Condor verfügt über eine Flotte von 47 Flugzeugen, darunter 18 Narrowbodies der Airbus A320-Familie, 13 Boeing 757 sowie 16 Widebodies des Typs Boeing 767-300ER. Von diesen Flugzeugen sind derzeit noch etliche geparkt, auch wenn der Flugbetrieb langsam wieder Fahrt aufnimmt. Das Unternehmen beschäftigt rund 4.200 Mitarbeiter am Boden und in der Luft. Es hat nach eigenen Angaben mit allen Gewerkschaften und Betriebsräten unter anderem Einigungen zur Verlängerung der Kurzarbeit erzielt, die gemäß der aktuell geltenden, gesetzlichen Maximaldauer bis mindestens März 2021 fortgesetzt wird. Zudem umfassten die Tarifeinigungen Vereinbarungen zur Effizienz- und Produktivitätssteigerungen in der Flugeinsatzplanung.

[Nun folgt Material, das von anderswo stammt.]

Lemma shift_in_johnson s : s \in johnson_lists m0 k0 ->
  [/\ uniq (shift_in (k - k0) s), size (shift_in (k - k0) s) = k
     & all (gtn m) (shift_in (k - k0) s)].
Proof.
case/mem_johnson_lists => s_uniq s_size s_lt; split.
- rewrite cat_uniq iota_uniq (map_inj_uniq (@addnI _)) s_uniq andbT /=.
  by apply/hasPn => _ /mapP [i _ ->]; rewrite /= mem_iota add0n ltnNge leq_addr andbF.
- by rewrite size_cat size_iota size_map s_size subnK.
rewrite all_cat all_map; apply/andP; split.
  by apply/allP => i; rewrite mem_iota /=; lia.
by apply/allP => i /(allP s_lt) /=; lia.
Qed.

Lemma card_shift_in s :
  s \in johnson_lists m0 k0 -> #|nat_set m (shift_in (k - k0) s)| == k.
Proof. by case/shift_in_johnson => s_uniq s_size s_lt; rewrite card_nat_set ?s_size. Qed.

Definition embed_vertex s (hs : s \in johnson_lists m0 k0) : johnson_vertex m k :=
  exist _ (nat_set m (shift_in (k - k0) s)) (card_shift_in hs).

Lemma johnson_adj_embed s t (hs : s \in johnson_lists m0 k0) (ht : t \in johnson_lists m0 k0) :
  johnson_adj (embed_vertex hs) (embed_vertex ht) = (count (mem t) s + 1 == k0).
Proof.
have [s_uniq _ s_lt] := shift_in_johnson hs.
rewrite /johnson_adj /= card_nat_setI // count_shift_in.
by move: (count _ _) => c; apply/eqP/eqP; lia.
Qed.

Lemma shattered_embed A : small_shattering m0 k0 A ->
  exists2 S : {set johnson_vertex m k}, shattered (@johnson_adj m k) S & #|S| = size A.
Proof.
case/andP => /allP A_lists /allP patterns.
have hA (i : 'I_(size A)) : nth [::] A i \in johnson_lists m0 k0.
  by apply/A_lists/mem_nth.
apply: (shattered_of_patterns (g := fun i => embed_vertex (hA i))) => b.
have /patterns /hasP [w hw /eqP wb] : [seq i \in b | i <- enum 'I_(size A)]
    \in all_seqs [:: true; false] (size A).
  rewrite mem_all_seqs size_map size_enum_ord eqxx.
  by apply/allP => c _; rewrite !inE; case: c.
exists (embed_vertex hw) => i; rewrite johnson_adj_embed.
move: (congr1 (nth false ^~ i) wb).
by rewrite (nth_map [::]) // (nth_map i) ?size_enum_ord // nth_ord_enum.
Qed.

End Embedding.

(* Each family consists of swaps of [iota 0 k0]. *)
Lemma small_shattering_J63 :
  small_shattering 6 3 [:: [:: 1; 2; 3]; [:: 1; 2; 4]; [:: 0; 2; 3]; [:: 0; 2; 5]].
Proof. by vm_compute. Qed.

Lemma small_shattering_J72 :
  small_shattering 7 2 [:: [:: 1; 2]; [:: 1; 3]; [:: 1; 4]; [:: 1; 5]].
Proof. by vm_compute. Qed.

Lemma small_shattering_J75 : small_shattering 7 5
  [:: [:: 1; 2; 3; 4; 5]; [:: 0; 2; 3; 4; 5]; [:: 0; 1; 3; 4; 5]; [:: 0; 1; 2; 4; 5]].
Proof. by vm_compute. Qed.

Lemma bin2_lt16 m : m <= 6 -> 'C(m, 2) < 16.
Proof. by case: m => [|[|[|[|[|[|[|]]]]]]]. Qed.

Lemma johnson_shattered4 m k : k <= m -> 1 < k -> k < m - 1 -> 16 <= 'C(m, k) ->
  exists2 S : {set johnson_vertex m k}, shattered (@johnson_adj m k) S & #|S| = 4.
Proof.
move=> k_le k_gt1 k_lt C16.
have m7_of : 16 <= 'C(m, 2) -> 7 <= m.
  by move=> C2; rewrite ltnNge; apply: contraL C2 => /bin2_lt16; rewrite -ltnNge.
have [k3 | k_lt3] := leqP 3 k; first have [mk3 | mk_lt3] := leqP 3 (m - k).
- by apply: (shattered_embed _ _ small_shattering_J63); lia.
- have mk2 : m - k = 2 by lia.
  have m7 : 7 <= m by apply: m7_of; rewrite -[X in 'C(m, X)]mk2 bin_sub.
  by apply: (shattered_embed _ _ small_shattering_J75); lia.
have k2 : k = 2 by lia.
have m7 : 7 <= m by apply: m7_of; rewrite -[X in 'C(m, X)]k2.
by apply: (shattered_embed _ _ small_shattering_J72); lia.
Qed.

Theorem mainTheorem8 (m k : nat) (hkm : k <= m) :
  vc_dim (@johnson_adj m k) = 4 <-> (1 < k /\ k < m - 1 /\ 16 <= 'C(m, k)).
Proof.
split=> [vc4 | [k_gt1 [k_lt C16]]].
- have vc_gt0 : 0 < vc_dim (@johnson_adj m k) by rewrite vc4.
  have [A shA] := vc_dim_attained vc_gt0; rewrite vc4 => A4.
  have C16 : 16 <= 'C(m, k) by have := shattered_card_le shA; rewrite A4 card_johnson.
  have not_complete : ~~ ((k == 1) || (k.+1 == m)).
    by apply: contraTN isT => /johnson_adj_complete /shattered_complete /(_ shA); rewrite A4.
  have k_gt0 : k != 0 by apply: contraTneq C16 => ->; rewrite bin0.
  have k_ltm : k != m by apply: contraTneq C16 => ->; rewrite binn.
  by split; [| split]; lia.
apply/eqP; rewrite eqn_leq vc_dim_le /=; last exact: johnson_shattered_le4.
have [S shS <-] := johnson_shattered4 hkm k_gt1 k_lt C16.
exact: shattered_le_vc_dim.
Qed.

Teckentrup sagte weiter: „Wir haben nicht nur eine Verantwortung gegenüber unseren Mitarbeiterinnen und Mitarbeitern, unseren Kunden und unseren Partnern, sondern auch gegenüber der Bundesregierung und der Hessischen Landesregierung, die uns einen Kredit in Höhe von 294 Millionen Euro als Corona-Hilfe eingeräumt haben. Wir haben in den letzten Monaten gezeigt, dass wir das in uns gesetzte Vertrauen erfüllen, und setzen auch jetzt eine Vielzahl an Kostensenkungs- und Liquiditätsmaßnahmen bei gleichbleibend hoher Produkt- und Servicequalität für unsere Kunden um. Dazu gehört neben den Gewerkschaftsvereinbarungen unter anderem auch der Umzug in eine kleinere und kostengünstigere Unternehmenszentrale.“

Condor wurde in der jüngsten Vergangenheit von mehreren Schicksalsschlägen getroffen: Erst musste die frühere Muttergesellschaft Thomas Cook Insolvenz anmelden, in deren Folge die profitable Condor ebenfalls in finanzielle Schwierigkeiten geriet. Ein Überbrückungskredit sicherte den Weiterbetrieb der Airline. Im Januar dieses Jahres schien mit der polnischen Polish Aviation Group (PGL) ein Investor gefunden, der die Condor übernehmen wollte. Dann kam Corona und ließ die Passagierzahlen bei der Condor und dem sicher geglaubten Investor einbrechen. Mitte April kam dann die nächste Hiobsbotschaft: PGL will die die Condor nicht mehr übernehmen, da sie selbst um das Überleben kämpft. Daraufhin genehmigte die EU-Kommission einen neuen Hilfskredit für die Ferienfluggesellschaft von der Bundesregierung und der Hessischen Landesregierung. Wenn die Passagierzahlen jetzt wieder anziehen, können die Mitarbeiterinnen und Mitarbeiter der Fluglinie etwas entspannter in die Zukunft blicken.